Please don't flame me. I acknowledged that both the wonderful and the incompetent instructors exist.
ebear, BSN, RN
934 Posts
Bryan,
It's hard to determine whether your instructors are "clueless" or not been active in actual nursing for a long time. Is it possible for a CRNA in your area to provide an "inservice" for your instructors? Or is it possible to borrow an LMA to show the instructors PRIVATELY? Gosh, you could even ask that they google "laryngeal mask airway".
GilaRRT
1,905 Posts
You need to remember that nursing is a huge field and not everybody is well versed in every aspect. I cannot say if your instructors are good or bad based on what they know about supraglottic devices. Be respectfull and careful about how you approach this subject. Remember, the LMA and ETC are both considered supraglottic devices and often grouped together. In addition, several types of LMA's exist. Specific types such as the LMA proseal have features that are similar to the ETC, while other types use fiberoptics and camera technology or can be used to perform blind intubation.Heck, I can think of two other devices that look and function like the ETC. The King and the easy tube.I can see how easy it can be to confuse the various devices.
FlyingScot, RN
2,016 Posts
I think if you are going to instruct others about a subject the onus is on you to at least do a little research before you present the topic especially if it is unfamiliar to you. In this day of internet info it would have taken about 5 minutes to get all the information that instructor would have needed to teach advanced airways at this level. There is no excuse for being "clueless" in this day and age.
RN1989
1,348 Posts
Chances are your instructors have been so busy trying to keep their jobs that they have not kept up with advances and new things in healthcare (although airways other than ETTs aren't necessarily new). Many profs that I know have so many ignorant little things that they must do to keep their jobs that the practical things get left behind. Most likely your instructors are not working a second job at a hospital and are not taking ACLS every 2 years.

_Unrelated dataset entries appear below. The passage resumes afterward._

(* Let $q,r,\nu$ be positive integers with $q<\nu\le r$. Then the equation $\mathcal{M}^0(z)C=I_q$ (for all $z$) admits a solution $C\in\mathbb{R}^{\nu r\times q}$ not depending on $z$, and the set of such constant solutions is an affine space of dimension $(\nu-q)rq$.
   Context: $u(z)=(1,\dots,z^{q-1})^\top$, $w(z)=(1,\dots,z^{r-1})$, $M(z)=u(z)w(z)\in\mathbb{C}^{q\times r}$, and $\mathcal{M}^0(z)=(M(z),M'(z),\dots,M^{(\nu-1)}(z))\in\mathbb{C}^{q\times\nu r}$, derivatives taken in $z$. *)

From HB Require Import structures.
From mathcomp Require Import all_boot all_order all_algebra.
From mathcomp Require Import complex.
From mathcomp Require Import reals.
Set Implicit Arguments.
Unset Strict Implicit.
Unset Printing Implicit Defensive.
Import Order.TTheory GRing.Theory Num.Theory.
Local Open Scope ring_scope.

Definition upoly (F : nzRingType) (q : nat) : 'cV[{poly F}]_q :=
  \col_(i < q) 'X^i.
Definition wpoly (F : nzRingType) (r : nat) : 'rV[{poly F}]_r :=
  \row_(j < r) 'X^j.
Definition Mpoly (F : comNzRingType) (q r : nat) : 'M[{poly F}]_(q, r) :=
  upoly F q *m wpoly F r.

Definition Mder (F : comNzRingType) (q r k : nat) (z : F) : 'M[F]_(q, r) :=
  map_mx (fun p : {poly F} => (p^`(k)).[z]) (Mpoly F q r).

(* M^0(z) = (M(z), M'(z), ..., M^(nu-1)(z)) in F^(q x nu r):
   row i of M^0(z) is the concatenation of the rows i of M^(0)(z), ...,
   M^(nu-1)(z); i.e. entry (i, k * r + l) is M^(k)(z) i l
   (mxvec lists the entries of a nu x r matrix row-major, cf. mxvecE). *)
Definition M0 (F : comNzRingType) (q r nu : nat) (z : F) : 'M[F]_(q, nu * r) :=
  \matrix_(i < q) mxvec (\matrix_(k < nu, l < r) Mder q r k z i l).
(* Let $p\geq 1$ and $q\geq 2$ be integers, and let $\Delta_{L_{p,q}}(x,t)$ be the two-variable Alexander polynomial of the link $L_{p,q}$, where $x$ corresponds to the axis $A$ and $t$ to $\hat B_{p,q}$. Then $\Delta_{L_{p,2}}(x,t)=1+xt^{2p-1}$, and for $q\geq3$, $$\Delta_{L_{p,q}}(x,t)=1+x^{q-1}t^{2p+q-3}+xt^2\left(\frac{1+t^{2p-3}}{1+t}\right)\left(\frac{1-(xt)^{q-2}}{1-xt}\right).$$
   Context: In the $q$-strand braid group with generators $\sigma_1,\dots,\sigma_{q-1}$ ($\sigma_i$ is the crossing of the $(i+1)$st strand over the $i$th), $B_{p,q}=\sigma_{q-1}\sigma_{q-2}\cdots\sigma_2\sigma_1^{2p-1}$; $\hat B_{p,q}$ is its closure, $A$ its braid axis, and $L_{p,q}=A\cup\hat B_{p,q}\subset S^3$. The Alexander polynomial is normalized via Morton's formula $\Delta_{L_{p,q}}(x,t)=\det\big(I-x\,C_{q-1}C_{q-2}\cdots C_2C_1^{2p-1}\big)$, where $C_i$ is the $(q-1)\times(q-1)$ matrix which equals the identity except in row $i$, whose entries in columns $i-1,i,i+1$ are $t,-t,1$ respectively (truncated to the two existing entries when $i=1$ or $i=q-1$). *)

From HB Require Import structures.
From mathcomp Require Import all_boot all_order all_algebra.
Set Implicit Arguments. Unset Strict Implicit. Unset Printing Implicit Defensive.
Import Order.TTheory GRing.Theory Num.Theory.
Local Open Scope ring_scope.

(* Morton's matrix C_i (1-based i, 1 <= i <= n = q-1), size n x n:
   identity except row i, whose entries in columns i-1, i, i+1 are t, -t, 1
   (columns outside 1..n simply do not exist, giving the truncation). *)
Definition Cmat (R : comRingType) (n i : nat) (t : R) : 'M[R]_n :=
  \matrix_(r < n, c < n)
    if r.+1 == i then
      (if c.+1 == i.-1 then t
       else if c.+1 == i then - t
       else if c.+1 == i.+1 then 1 else 0)
    else (r == c)%:R.

Definition morton_prod (R : comRingType) (p q : nat) (t : R) : 'M[R]_(q.-1) :=
  foldr (fun i A => Cmat q.-1 i t *m A)
        (iter (2 * p - 1) (fun A => Cmat q.-1 1 t *m A) 1%:M)
        (rev (iota 2 (q - 2))).

Definition alexLpq (R : comRingType) (p q : nat) (x t : R) : R :=
  \det (1%:M - x *: morton_prod p q t).

From HB Require Import structures.
From mathcomp Require Import all_boot all_order all_algebra.
From mathcomp Require Import ring zify.
Set Implicit Arguments. Unset Strict Implicit. Unset Printing Implicit Defensive.
Import Order.TTheory GRing.Theory Num.Theory.
Local Open Scope ring_scope.

(* Left multiplication by C_i only changes row i, which becomes
   t (row i-1) - t (row i) + (row i+1).  Hence, with rows indexed from 0, the
   Morton product M has row 0 equal to ((-t)^(2p-1), sum_(j<2p-1) (-t)^j, 0, ...)
   and row i >= 1 equal to t (row i-1 of M) - t e_i + e_(i+1).  Multiplying
   I - xM on the left by the unipotent matrix I - t (subdiagonal shift) removes
   the dependence on row i-1 and leaves a tridiagonal matrix with diagonal
   1 + xt, subdiagonal -t and superdiagonal -x below row 0.  Its leading minors
   satisfy the continuant recurrence D_(n+2) = (1 + xt) D_(n+1) - xt D_n, solved
   in closed form; two geometric sums then produce the quotients of the
   statement. *)

Lemma sum_ord_kronecker (R : pzSemiRingType) (n m : nat) (g : nat -> R) :
  \sum_(k < n) ((k : nat) == m)%:R * g k = if (m < n)%N then g m else 0.
Proof.
rewrite -(big_ord1_eq +%R) [RHS]big_mkcond; apply: eq_bigr => k _.
by case: eqP; rewrite ?mul1r ?mul0r.
Qed.

Section MortonMatrixRows.
Variables (R : comNzRingType) (n : nat) (t : R).

Lemma Cmat_row (i k : 'I_n) :
  Cmat n i.+1 t i k = (if (0 < i)%N then t * ((k : nat) == i.-1)%:R else 0)
     - t * ((k : nat) == i)%:R + ((k : nat) == i.+1)%:R.
Proof.
rewrite mxE eqxx /=.
case: i => [[|i] Hi] /=; case: k => [k Hk] /=;
  repeat (case: eqP => ?); try lia; simpl; ring.
Qed.

Lemma Cmat_row_id (m : nat) (i k : 'I_n) :
  i.+1 != m -> Cmat n m t i k = ((k : nat) == i)%:R.
Proof. by rewrite mxE => /negbTE ->; rewrite eq_sym. Qed.

Lemma mulCmx_row (f : nat -> nat -> R) (i c : 'I_n) :
  (Cmat n i.+1 t *m \matrix_(a < n, b < n) f a b) i c =
  (if (0 < i)%N then t * f i.-1 c else 0) - t * f i c
  + (if (i.+1 < n)%N then f i.+1 c else 0).
Proof.
rewrite mxE.
have split_entry (k : 'I_n) : Cmat n i.+1 t i k * (\matrix_(a < n, b < n) f a b) k c =
  (if (0 < i)%N then t else 0) * (((k : nat) == i.-1)%:R * f k c)
  - t * (((k : nat) == i)%:R * f k c) + ((k : nat) == i.+1)%:R * f k c.
  by rewrite Cmat_row mxE; case: ifP => _; ring.
rewrite (eq_bigr _ (fun k _ => split_entry k)) big_split sumrB /= -!mulr_sumr.
rewrite !(sum_ord_kronecker _ _ (fun k => f k c)) ltn_ord.
have -> : (i.-1 < n)%N by apply: leq_ltn_trans (leq_pred _) (ltn_ord i).
by case: ifP => _; rewrite ?mul0r ?add0r ?sub0r.
Qed.

Lemma mulCmx_row_id (m : nat) (f : nat -> nat -> R) (i c : 'I_n) :
  i.+1 != m -> (Cmat n m t *m \matrix_(a < n, b < n) f a b) i c = f i c.
Proof.
move=> im; rewrite mxE.
under eq_bigr => k _ do rewrite Cmat_row_id // mxE.
by rewrite (sum_ord_kronecker _ _ (fun k => f k c)) ltn_ord.
Qed.

End MortonMatrixRows.

Section MortonProduct.
Variables (R : comNzRingType) (t : R).

Definition row0_C1_pow (k c : nat) : R :=
  if c == 0%N then (- t) ^+ k else if c == 1%N then \sum_(j < k) (- t) ^+ j else 0.

(* Entry (r, c), indexed from 0, of C_(j+1) ... C_2 A, where A is the identity
   matrix with row 0 replaced by a. *)
Fixpoint morton_rows (a : nat -> R) (j r c : nat) : R :=
  match r with
  | 0 => a c
  | r'.+1 => if (r' < j)%N then t * morton_rows a j r' c - t * (r'.+1 == c)%:R + (r'.+2 == c)%:R
             else (r'.+1 == c)%:R
  end.

Lemma morton_rowsS (a : nat -> R) (j r c : nat) :
  r != j.+1 -> morton_rows a j r c = morton_rows a j.+1 r c.
Proof.
case: (leqP r j) => [+ _|lt_j_r ne_r].
  elim: r => [|r IH] //= le_r_j.
  by rewrite le_r_j ltnS (ltnW le_r_j) IH // ltnW.
case: r lt_j_r ne_r => [|r] //= lt_j_r ne_r.
have -> : (r < j)%N = false by lia.
by have -> : (r < j.+1)%N = false by lia.
Qed.

Lemma iter_mulC1mx (n k : nat) :
  iter k (fun A => Cmat n 1 t *m A) 1%:M = \matrix_(r < n, c < n) morton_rows (row0_C1_pow k) 0 r c.
Proof.
elim: k => [|k IH].
  apply/matrixP => i c; rewrite !mxE /=.
  case: i => [[|i] Hi]; case: c => [[|c] Hc] //=; rewrite /row0_C1_pow /= ?big_ord0 //.
  by case: c Hc.
rewrite iterS IH; apply/matrixP => i c.
have [i0|i0] := eqVneq (i : nat) 0%N; last first.
  by rewrite mulCmx_row_id ?eqSS // mxE; case: (nat_of_ord i) i0.
have -> : Cmat n 1 t = Cmat n i.+1 t by rewrite i0.
rewrite mulCmx_row !mxE i0 /= /row0_C1_pow.
case: c => [[|[|c]] Hc] /=.
- by rewrite exprS; case: ifP => _; ring.
- rewrite Hc big_ord_recl /= expr0.
  under [X in _ = 1 + X]eq_bigr => j _ do rewrite exprSr /bump /=.
  by rewrite -mulr_suml; ring.
- by case: ifP => _; ring.
Qed.

Lemma foldr_mulCmx (n : nat) (a : nat -> R) (m : nat) : (m < n)%N ->
  foldr (fun i A => Cmat n i t *m A) (\matrix_(r < n, c < n) morton_rows a 0 r c)
        (rev (iota 2 m))
  = \matrix_(r < n, c < n) morton_rows a m r c.
Proof.
elim: m => [|m IH] lt_m_n //.
rewrite -[m.+1]addn1 iotaD rev_cat /= addn1 IH; last exact: ltnW.
apply/matrixP => i c.
have [im|im] := eqVneq (i : nat) m.+1; last first.
  by rewrite mulCmx_row_id ?add2n ?eqSS // !mxE morton_rowsS.
have -> : Cmat n (2 + m) t = Cmat n i.+1 t by rewrite im.
rewrite mulCmx_row !mxE im /= ltnn ltnSn -morton_rowsS; last by rewrite neq_ltn ltnSn.
case: ifP => [_|m2_n]; first by rewrite /= ltnNge leqnSn.
have -> : (m.+2 == c) = false.
  by apply/negbTE; rewrite neq_ltn (leq_trans (ltn_ord c)) ?orbT // leqNgt m2_n.
by rewrite addr0.
Qed.

Lemma morton_prod_rows (p q : nat) : (2 <= q)%N ->
  morton_prod p q t
  = \matrix_(r < q.-1, c < q.-1) morton_rows (row0_C1_pow (2 * p - 1)) (q - 2) r c.
Proof.
move=> q2; rewrite /morton_prod iter_mulC1mx foldr_mulCmx //.
by case: q q2 => [|[|q]] // _; rewrite subn2 /= ltnSn.
Qed.

End MortonProduct.

Definition lower_bidiag_mx (R : pzRingType) (n : nat) (t : R) : 'M[R]_n :=
  \matrix_(i < n, j < n) (((i : nat) == j)%:R - t * ((i : nat) == j.+1)%:R).

Lemma det_lower_bidiag_mx (R : comNzRingType) (n : nat) (t : R) :
  \det (lower_bidiag_mx n t) = 1.
Proof.
rewrite det_trig.
  by apply: big1 => i _; rewrite mxE eqxx (ltn_eqF (ltnSn _)) mulr0 subr0.
apply/is_trig_mxP => i j lt_i_j; rewrite mxE (ltn_eqF lt_i_j).
have -> : ((i : nat) == j.+1) = false by lia.
by rewrite mulr0 subr0.
Qed.

Lemma mul_lower_bidiag_mx (R : comNzRingType) (n : nat) (t : R)
    (f : nat -> nat -> R) (i c : 'I_n) :
  (lower_bidiag_mx n t *m \matrix_(a < n, b < n) f a b) i c
  = f i c - (if (0 < i)%N then t * f i.-1 c else 0).
Proof.
rewrite mxE.
have split_entry (k : 'I_n) : lower_bidiag_mx n t i k * (\matrix_(a < n, b < n) f a b) k c
  = ((k : nat) == i)%:R * f k c
    - (if (0 < i)%N then t else 0) * (((k : nat) == i.-1)%:R * f k c).
  rewrite !mxE eq_sym; case: i => [[|i] ?] /=; first by rewrite mulr0 mul0r !subr0.
  by rewrite eqSS [(k : nat) == i]eq_sym; ring.
rewrite (eq_bigr _ (fun k _ => split_entry k)) sumrB -mulr_sumr.
rewrite !(sum_ord_kronecker _ _ (fun k => f k c)) ltn_ord.
have -> : (i.-1 < n)%N by apply: leq_ltn_trans (leq_pred _) (ltn_ord i).
by case: ifP; rewrite ?mul0r.
Qed.

Definition alex_tridiag (R : comNzRingType) (x t : R) (k i c : nat) : R :=
  if i == 0%N then (c == 0%N)%:R - x * row0_C1_pow t k c
  else (i == c)%:R * (1 + x * t) - t * (i == c.+1)%:R - x * (i.+1 == c)%:R.

Lemma alexLpq_tridiag (R : comNzRingType) (p q : nat) (x t : R) : (2 <= q)%N ->
  alexLpq p q x t
  = \det (\matrix_(i < q.-1, j < q.-1) alex_tridiag x t (2 * p - 1) i j).
Proof.
move=> q2; rewrite /alexLpq morton_prod_rows //.
set f := morton_rows _ _ _.
pose g r c := (r == c)%:R - x * f r c.
have -> : 1%:M - x *: \matrix_(r < q.-1, c < q.-1) f r c
    = \matrix_(r < q.-1, c < q.-1) g r c.
  by apply/matrixP => r c; rewrite !mxE.
rewrite -[LHS]mul1r -(det_lower_bidiag_mx q.-1 t) -det_mulmx; congr (\det _).
apply/matrixP => i c.
rewrite mul_lower_bidiag_mx mxE /g /f /alex_tridiag.
case: i => [[|i] lt_i_q] /=; first by rewrite subr0 eq_sym.
have -> : (i < q - 2)%N by lia.
rewrite eqSS; ring.
Qed.

Lemma cofactor_mx_max (R : comNzRingType) (m : nat) (g : nat -> nat -> R) :
  cofactor (\matrix_(i < m.+1, j < m.+1) g i j) ord_max ord_max
  = \det (\matrix_(i < m, j < m) g i j).
Proof.
rewrite /cofactor -signr_odd addnn odd_double expr0 mul1r.
by congr (\det _); apply/matrixP => i j; rewrite !mxE !lift_max.
Qed.

Lemma det_mx_continuant_step (R : comNzRingType) (f : nat -> nat -> R) (k : nat) :
  (forall j, (j < k)%N -> f k.+1 j = 0) -> (forall i, (i < k)%N -> f i k.+1 = 0) ->
  \det (\matrix_(i < k.+2, j < k.+2) f i j)
  = f k.+1 k.+1 * \det (\matrix_(i < k.+1, j < k.+1) f i j)
    - f k.+1 k * f k k.+1 * \det (\matrix_(i < k, j < k) f i j).
Proof.
move=> row_band col_band.
rewrite (expand_det_row _ ord_max) big_ord_recr /= big_ord_recr /=.
rewrite big1 ?add0r; last by move=> j _; rewrite mxE /= row_band ?mul0r.
rewrite !mxE /= cofactor_mx_max /cofactor /= -signr_odd addSn addnn /= odd_double /= expr1.
pose h i j := f i (if (j < k)%N then j else k.+1).
have -> : row' ord_max (col' (widen_ord (leqnSn k.+1) ord_max)
     (\matrix_(i < k.+2, j < k.+2) f i j)) = \matrix_(i < k.+1, j < k.+1) h i j.
  apply/matrixP => i j; rewrite !mxE lift_max /h /= /bump /=.
  case: ltnP => [_|le_k_j]; first by rewrite add0n.
  by have -> : (j : nat) = k by apply/eqP; rewrite eqn_leq le_k_j -ltnS ltn_ord.
rewrite (expand_det_col _ ord_max) big_ord_recr big1 ?add0r; last first.
  by move=> i _; rewrite mxE /h /= ltnn col_band ?mul0r.
rewrite mxE cofactor_mx_max /h /= ltnn.
have -> : \matrix_(i < k, j < k) f i (if (j < k)%N then (j : nat) else k.+1)
    = \matrix_(i < k, j < k) f i j.
  by apply/matrixP => i j; rewrite !mxE ltn_ord.
ring.
Qed.

Lemma eq_linear_rec2 (R : pzSemiRingType) (a b : R) (u v : nat -> R) :
  (forall n, u n.+2 = a * u n.+1 + b * u n) ->
  (forall n, v n.+2 = a * v n.+1 + b * v n) ->
  u 0%N = v 0%N -> u 1%N = v 1%N -> u =1 v.
Proof.
move=> u_rec v_rec u0 u1.
suff uv n : u n = v n /\ u n.+1 = v n.+1 by move=> n; case: (uv n).
elim: n => [|n [un un1]] //; split=> //.
by rewrite u_rec v_rec un un1.
Qed.

Section AlexTridiag.
Variables (R : comNzRingType) (x t : R) (k : nat).

Lemma alex_tridiag_band (i c : nat) :
  (i.+1 < c)%N || (c.+1 < i)%N -> alex_tridiag x t k i c = 0.
Proof.
rewrite /alex_tridiag /row0_C1_pow; case: i => [|i] band /=.
  by case: c band => [|[|c]] //= _; rewrite mulr0 subr0.
have -> : (i.+1 == c) = false by lia.
have -> : (i.+1 == c.+1) = false by lia.
have -> : (i.+2 == c) = false by lia.
by rewrite mul0r !mulr0 !subr0.
Qed.

Lemma alex_tridiag_diag (i : nat) : alex_tridiag x t k i.+1 i.+1 = 1 + x * t.
Proof. by rewrite /alex_tridiag /= eqxx; do 2 case: eqP => [?|_]; try lia; rewrite /=; ring. Qed.

Lemma alex_tridiag_subdiag (i : nat) : alex_tridiag x t k i.+1 i = - t.
Proof. by rewrite /alex_tridiag /= eqxx; do 2 case: eqP => [?|_]; try lia; rewrite /=; ring. Qed.

Lemma alex_tridiag_superdiag (i : nat) : alex_tridiag x t k i.+1 i.+2 = - x.
Proof. by rewrite /alex_tridiag /= eqxx; do 2 case: eqP => [?|_]; try lia; rewrite /=; ring. Qed.

End AlexTridiag.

This scenario just proves to me once again that healthcare is going down the tubes and there doesn't seem to be much anyone can do about it. Nursing students are getting poor educations, they then get out in the real world and see how bad it is and quit nursing. We are short nurses, no one gets trained properly. No one wants to teach nursing because the salary sucks. The schools are pressured to pop out nursing students without adequate training, blah, blah, blah, and the cycle just continues.
Amen, Sista!!!!
lvnandmomx3
834 Posts
I agree that if you are taking on the role of teaching others then you should research what you are supposed to teach. We would be in the middle of a lecture given by a brand new instructor or a "sub" and if a question was asked tha they could not answer the class was told "that is not my specialty area you will just have to reasearch it your self. All I am doing is giving you the info that was given to me." end of conversation.
The Commuter......LMAO I know who you are talking about and FYI he is no longer teaching there......
Rnandsoccermom
172 Posts
I work with a RN that was going for a procedure at a local hospital that is using LMA's instead of ETT's for short procedures. She politely told her surgeon that she did not want a LMA used during her procedure.
It is important that the instructors know these things. LMA's are being more widely used everywhere.
I also work with a CNA going to nursing school. Her instructor told them that they didn't need to wash their hands after leaving a C-Diff isolation room. The alcohol foam was good enough.
I will be a real b**** if I ever end up in the hospital.